Instructions for the task: From the listing below, set down exactly the lines between the one holding "(col : T -> 'I_c) : nat" and the one holding "[set v in D", inclusive. No other line is wanted.

Listed records:
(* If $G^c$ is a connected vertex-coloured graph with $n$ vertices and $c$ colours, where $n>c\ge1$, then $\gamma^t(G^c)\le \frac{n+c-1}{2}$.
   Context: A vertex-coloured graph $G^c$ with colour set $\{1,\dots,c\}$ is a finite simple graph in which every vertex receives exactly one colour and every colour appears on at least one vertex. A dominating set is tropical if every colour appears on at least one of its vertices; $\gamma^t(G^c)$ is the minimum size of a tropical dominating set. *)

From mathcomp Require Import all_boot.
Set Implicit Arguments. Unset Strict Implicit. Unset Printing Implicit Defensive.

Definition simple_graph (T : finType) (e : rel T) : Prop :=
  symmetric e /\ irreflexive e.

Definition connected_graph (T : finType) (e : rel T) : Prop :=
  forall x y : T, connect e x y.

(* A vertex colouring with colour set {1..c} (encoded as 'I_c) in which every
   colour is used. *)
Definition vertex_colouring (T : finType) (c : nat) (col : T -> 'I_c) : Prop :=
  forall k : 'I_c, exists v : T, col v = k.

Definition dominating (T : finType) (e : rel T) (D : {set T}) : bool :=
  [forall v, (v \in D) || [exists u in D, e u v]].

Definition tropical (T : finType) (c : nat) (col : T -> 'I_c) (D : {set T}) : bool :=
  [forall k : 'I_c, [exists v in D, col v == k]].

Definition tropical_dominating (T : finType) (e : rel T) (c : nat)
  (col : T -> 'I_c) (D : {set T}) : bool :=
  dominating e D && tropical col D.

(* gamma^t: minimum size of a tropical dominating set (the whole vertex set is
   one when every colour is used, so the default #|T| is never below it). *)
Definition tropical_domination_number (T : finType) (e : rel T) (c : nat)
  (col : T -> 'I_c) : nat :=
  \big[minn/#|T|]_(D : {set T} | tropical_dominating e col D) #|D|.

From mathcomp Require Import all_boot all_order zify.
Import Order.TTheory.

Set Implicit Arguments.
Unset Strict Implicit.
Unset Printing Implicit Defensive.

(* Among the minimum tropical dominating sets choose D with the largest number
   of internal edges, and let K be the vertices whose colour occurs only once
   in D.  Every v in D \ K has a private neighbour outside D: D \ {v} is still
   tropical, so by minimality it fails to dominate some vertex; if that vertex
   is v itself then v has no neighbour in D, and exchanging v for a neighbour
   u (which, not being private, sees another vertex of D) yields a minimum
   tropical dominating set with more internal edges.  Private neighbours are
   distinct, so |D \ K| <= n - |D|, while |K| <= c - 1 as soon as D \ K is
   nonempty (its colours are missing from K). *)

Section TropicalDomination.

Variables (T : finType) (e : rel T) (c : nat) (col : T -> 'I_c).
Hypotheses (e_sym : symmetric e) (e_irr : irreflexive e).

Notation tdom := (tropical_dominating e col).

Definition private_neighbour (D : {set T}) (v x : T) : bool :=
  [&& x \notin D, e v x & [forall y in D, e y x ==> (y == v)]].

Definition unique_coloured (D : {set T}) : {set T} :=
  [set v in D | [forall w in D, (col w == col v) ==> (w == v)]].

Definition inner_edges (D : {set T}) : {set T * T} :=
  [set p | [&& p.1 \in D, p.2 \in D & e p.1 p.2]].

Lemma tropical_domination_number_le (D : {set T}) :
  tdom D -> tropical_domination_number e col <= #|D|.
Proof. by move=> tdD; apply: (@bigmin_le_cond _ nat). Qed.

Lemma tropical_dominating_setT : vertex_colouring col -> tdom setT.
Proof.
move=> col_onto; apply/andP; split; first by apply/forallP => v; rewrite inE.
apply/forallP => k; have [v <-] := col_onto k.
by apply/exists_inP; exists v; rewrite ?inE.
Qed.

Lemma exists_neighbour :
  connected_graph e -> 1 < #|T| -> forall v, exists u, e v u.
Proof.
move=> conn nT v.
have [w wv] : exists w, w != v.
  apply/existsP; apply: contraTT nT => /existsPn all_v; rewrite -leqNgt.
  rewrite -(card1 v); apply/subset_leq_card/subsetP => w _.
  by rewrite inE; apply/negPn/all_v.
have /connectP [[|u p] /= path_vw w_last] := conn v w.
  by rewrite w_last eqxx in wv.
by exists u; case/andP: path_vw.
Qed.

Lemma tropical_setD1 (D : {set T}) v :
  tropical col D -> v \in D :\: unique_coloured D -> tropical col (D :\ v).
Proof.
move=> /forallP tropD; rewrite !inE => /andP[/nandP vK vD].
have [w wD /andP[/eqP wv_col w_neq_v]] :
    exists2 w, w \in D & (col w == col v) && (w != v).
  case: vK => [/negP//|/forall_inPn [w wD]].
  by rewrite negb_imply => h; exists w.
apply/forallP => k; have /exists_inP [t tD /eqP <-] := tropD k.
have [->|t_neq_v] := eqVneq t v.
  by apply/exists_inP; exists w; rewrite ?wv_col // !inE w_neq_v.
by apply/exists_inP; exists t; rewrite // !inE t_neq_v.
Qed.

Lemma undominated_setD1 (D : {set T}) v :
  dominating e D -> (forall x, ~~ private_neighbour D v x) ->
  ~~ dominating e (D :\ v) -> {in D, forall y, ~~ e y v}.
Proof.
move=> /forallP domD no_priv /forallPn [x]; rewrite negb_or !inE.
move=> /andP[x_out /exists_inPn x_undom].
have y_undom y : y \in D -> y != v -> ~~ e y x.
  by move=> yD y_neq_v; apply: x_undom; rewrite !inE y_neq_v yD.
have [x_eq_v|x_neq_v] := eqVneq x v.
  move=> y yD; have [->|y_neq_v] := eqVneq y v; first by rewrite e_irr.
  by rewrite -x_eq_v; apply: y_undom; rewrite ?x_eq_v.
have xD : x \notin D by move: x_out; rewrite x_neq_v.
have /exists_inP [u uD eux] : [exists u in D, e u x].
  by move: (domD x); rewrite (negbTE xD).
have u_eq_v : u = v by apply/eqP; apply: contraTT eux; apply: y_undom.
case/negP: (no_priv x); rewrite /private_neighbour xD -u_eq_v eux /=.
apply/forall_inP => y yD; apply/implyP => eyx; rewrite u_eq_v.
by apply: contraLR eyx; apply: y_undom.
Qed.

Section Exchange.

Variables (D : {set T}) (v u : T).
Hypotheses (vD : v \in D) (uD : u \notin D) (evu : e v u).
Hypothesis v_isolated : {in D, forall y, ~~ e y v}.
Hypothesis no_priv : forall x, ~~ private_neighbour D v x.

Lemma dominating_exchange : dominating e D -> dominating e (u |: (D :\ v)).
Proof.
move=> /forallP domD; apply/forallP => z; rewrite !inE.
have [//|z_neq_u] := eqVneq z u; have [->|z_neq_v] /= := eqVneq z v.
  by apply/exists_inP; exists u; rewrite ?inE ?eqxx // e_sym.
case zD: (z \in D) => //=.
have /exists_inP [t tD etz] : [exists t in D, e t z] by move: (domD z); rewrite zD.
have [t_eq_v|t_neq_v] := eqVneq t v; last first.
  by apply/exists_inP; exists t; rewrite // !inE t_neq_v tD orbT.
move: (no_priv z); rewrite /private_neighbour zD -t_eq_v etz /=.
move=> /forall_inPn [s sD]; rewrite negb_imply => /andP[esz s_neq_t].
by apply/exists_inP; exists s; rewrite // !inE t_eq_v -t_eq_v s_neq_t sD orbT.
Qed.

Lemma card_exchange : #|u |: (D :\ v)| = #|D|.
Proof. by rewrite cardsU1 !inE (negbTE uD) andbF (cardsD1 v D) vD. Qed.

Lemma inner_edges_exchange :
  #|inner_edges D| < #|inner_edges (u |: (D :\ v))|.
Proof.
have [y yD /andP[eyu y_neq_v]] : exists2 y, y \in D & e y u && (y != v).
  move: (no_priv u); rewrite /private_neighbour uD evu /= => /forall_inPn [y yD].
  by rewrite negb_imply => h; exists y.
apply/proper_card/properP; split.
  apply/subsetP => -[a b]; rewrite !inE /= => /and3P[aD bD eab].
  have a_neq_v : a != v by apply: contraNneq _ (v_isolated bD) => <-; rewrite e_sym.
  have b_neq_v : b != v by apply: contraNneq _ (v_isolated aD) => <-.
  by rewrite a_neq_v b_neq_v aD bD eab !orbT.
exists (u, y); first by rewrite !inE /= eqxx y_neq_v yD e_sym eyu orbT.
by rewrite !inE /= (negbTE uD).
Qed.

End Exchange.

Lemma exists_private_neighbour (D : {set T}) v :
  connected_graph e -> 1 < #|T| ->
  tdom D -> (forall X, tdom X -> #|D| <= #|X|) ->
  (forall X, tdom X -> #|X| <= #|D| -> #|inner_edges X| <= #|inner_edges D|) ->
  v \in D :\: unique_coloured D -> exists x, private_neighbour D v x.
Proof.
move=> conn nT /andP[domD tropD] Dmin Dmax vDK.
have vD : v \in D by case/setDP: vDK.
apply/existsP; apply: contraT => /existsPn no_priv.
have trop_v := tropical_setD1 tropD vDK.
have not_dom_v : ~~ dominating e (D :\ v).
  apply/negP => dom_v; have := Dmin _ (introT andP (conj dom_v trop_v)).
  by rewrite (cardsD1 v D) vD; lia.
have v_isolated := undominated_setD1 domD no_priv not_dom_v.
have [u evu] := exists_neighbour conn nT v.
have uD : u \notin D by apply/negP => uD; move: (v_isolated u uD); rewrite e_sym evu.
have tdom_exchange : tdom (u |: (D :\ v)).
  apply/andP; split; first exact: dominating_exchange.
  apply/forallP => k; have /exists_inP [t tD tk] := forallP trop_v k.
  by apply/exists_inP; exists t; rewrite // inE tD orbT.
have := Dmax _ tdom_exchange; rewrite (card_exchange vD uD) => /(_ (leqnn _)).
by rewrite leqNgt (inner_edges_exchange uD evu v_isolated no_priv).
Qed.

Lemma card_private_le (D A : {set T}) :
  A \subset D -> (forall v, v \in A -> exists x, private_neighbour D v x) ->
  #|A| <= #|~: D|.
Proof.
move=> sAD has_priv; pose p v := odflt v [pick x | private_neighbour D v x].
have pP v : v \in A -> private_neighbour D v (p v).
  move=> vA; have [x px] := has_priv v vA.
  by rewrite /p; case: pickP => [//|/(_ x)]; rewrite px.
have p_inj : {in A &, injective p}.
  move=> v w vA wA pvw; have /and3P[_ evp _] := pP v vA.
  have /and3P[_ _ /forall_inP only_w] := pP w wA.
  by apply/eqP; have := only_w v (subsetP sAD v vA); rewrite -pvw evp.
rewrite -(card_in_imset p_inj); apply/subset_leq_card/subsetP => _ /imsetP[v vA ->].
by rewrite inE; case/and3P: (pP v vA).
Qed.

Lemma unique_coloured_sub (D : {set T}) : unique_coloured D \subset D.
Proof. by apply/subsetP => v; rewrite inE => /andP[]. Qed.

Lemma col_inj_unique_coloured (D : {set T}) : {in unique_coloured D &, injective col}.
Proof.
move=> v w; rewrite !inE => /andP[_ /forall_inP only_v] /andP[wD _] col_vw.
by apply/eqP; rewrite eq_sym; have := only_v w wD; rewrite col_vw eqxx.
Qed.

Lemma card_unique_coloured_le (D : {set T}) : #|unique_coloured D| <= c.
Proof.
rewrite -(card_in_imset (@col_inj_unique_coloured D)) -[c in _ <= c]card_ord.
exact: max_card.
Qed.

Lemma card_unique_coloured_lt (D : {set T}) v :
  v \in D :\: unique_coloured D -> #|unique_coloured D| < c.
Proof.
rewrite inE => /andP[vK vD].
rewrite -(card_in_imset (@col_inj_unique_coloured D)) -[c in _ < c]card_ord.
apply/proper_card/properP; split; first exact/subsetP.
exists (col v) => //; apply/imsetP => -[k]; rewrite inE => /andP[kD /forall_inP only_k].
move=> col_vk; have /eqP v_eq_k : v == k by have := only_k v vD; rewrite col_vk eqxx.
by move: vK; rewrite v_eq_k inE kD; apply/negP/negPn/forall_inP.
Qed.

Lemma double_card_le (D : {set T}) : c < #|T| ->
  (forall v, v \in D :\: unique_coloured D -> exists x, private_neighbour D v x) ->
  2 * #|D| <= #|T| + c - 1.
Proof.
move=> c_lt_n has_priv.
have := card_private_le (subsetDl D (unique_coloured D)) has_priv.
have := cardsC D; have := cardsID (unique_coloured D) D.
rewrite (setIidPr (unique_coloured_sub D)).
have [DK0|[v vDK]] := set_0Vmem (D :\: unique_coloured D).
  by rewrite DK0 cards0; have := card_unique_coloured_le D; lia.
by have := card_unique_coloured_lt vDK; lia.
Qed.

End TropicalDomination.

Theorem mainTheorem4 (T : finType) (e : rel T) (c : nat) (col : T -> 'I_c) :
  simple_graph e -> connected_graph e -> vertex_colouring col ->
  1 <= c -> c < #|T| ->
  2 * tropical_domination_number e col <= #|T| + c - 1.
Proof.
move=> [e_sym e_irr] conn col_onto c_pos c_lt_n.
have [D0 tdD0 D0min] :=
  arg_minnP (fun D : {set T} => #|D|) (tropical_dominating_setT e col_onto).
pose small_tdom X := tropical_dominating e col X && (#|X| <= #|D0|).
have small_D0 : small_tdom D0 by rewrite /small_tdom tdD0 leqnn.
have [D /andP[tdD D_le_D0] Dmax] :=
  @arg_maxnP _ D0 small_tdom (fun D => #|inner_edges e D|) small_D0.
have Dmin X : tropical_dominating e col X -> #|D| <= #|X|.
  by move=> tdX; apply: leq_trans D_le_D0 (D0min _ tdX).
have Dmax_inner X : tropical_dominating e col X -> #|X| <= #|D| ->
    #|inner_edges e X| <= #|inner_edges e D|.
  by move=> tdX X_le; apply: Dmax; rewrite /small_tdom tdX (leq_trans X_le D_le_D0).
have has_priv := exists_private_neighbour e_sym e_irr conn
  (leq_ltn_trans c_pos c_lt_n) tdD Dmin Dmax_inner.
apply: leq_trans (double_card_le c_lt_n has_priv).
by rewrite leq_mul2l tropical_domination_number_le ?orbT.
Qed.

Answer section:
  (col : T -> 'I_c) : nat :=
  \big[minn/#|T|]_(D : {set T} | tropical_dominating e col D) #|D|.

From mathcomp Require Import all_boot all_order zify.
Import Order.TTheory.

Set Implicit Arguments.
Unset Strict Implicit.
Unset Printing Implicit Defensive.

(* Among the minimum tropical dominating sets choose D with the largest number
   of internal edges, and let K be the vertices whose colour occurs only once
   in D.  Every v in D \ K has a private neighbour outside D: D \ {v} is still
   tropical, so by minimality it fails to dominate some vertex; if that vertex
   is v itself then v has no neighbour in D, and exchanging v for a neighbour
   u (which, not being private, sees another vertex of D) yields a minimum
   tropical dominating set with more internal edges.  Private neighbours are
   distinct, so |D \ K| <= n - |D|, while |K| <= c - 1 as soon as D \ K is
   nonempty (its colours are missing from K). *)

Section TropicalDomination.

Variables (T : finType) (e : rel T) (c : nat) (col : T -> 'I_c).
Hypotheses (e_sym : symmetric e) (e_irr : irreflexive e).

Notation tdom := (tropical_dominating e col).

Definition private_neighbour (D : {set T}) (v x : T) : bool :=
  [&& x \notin D, e v x & [forall y in D, e y x ==> (y == v)]].

Definition unique_coloured (D : {set T}) : {set T} :=
  [set v in D | [forall w in D, (col w == col v) ==> (w == v)]].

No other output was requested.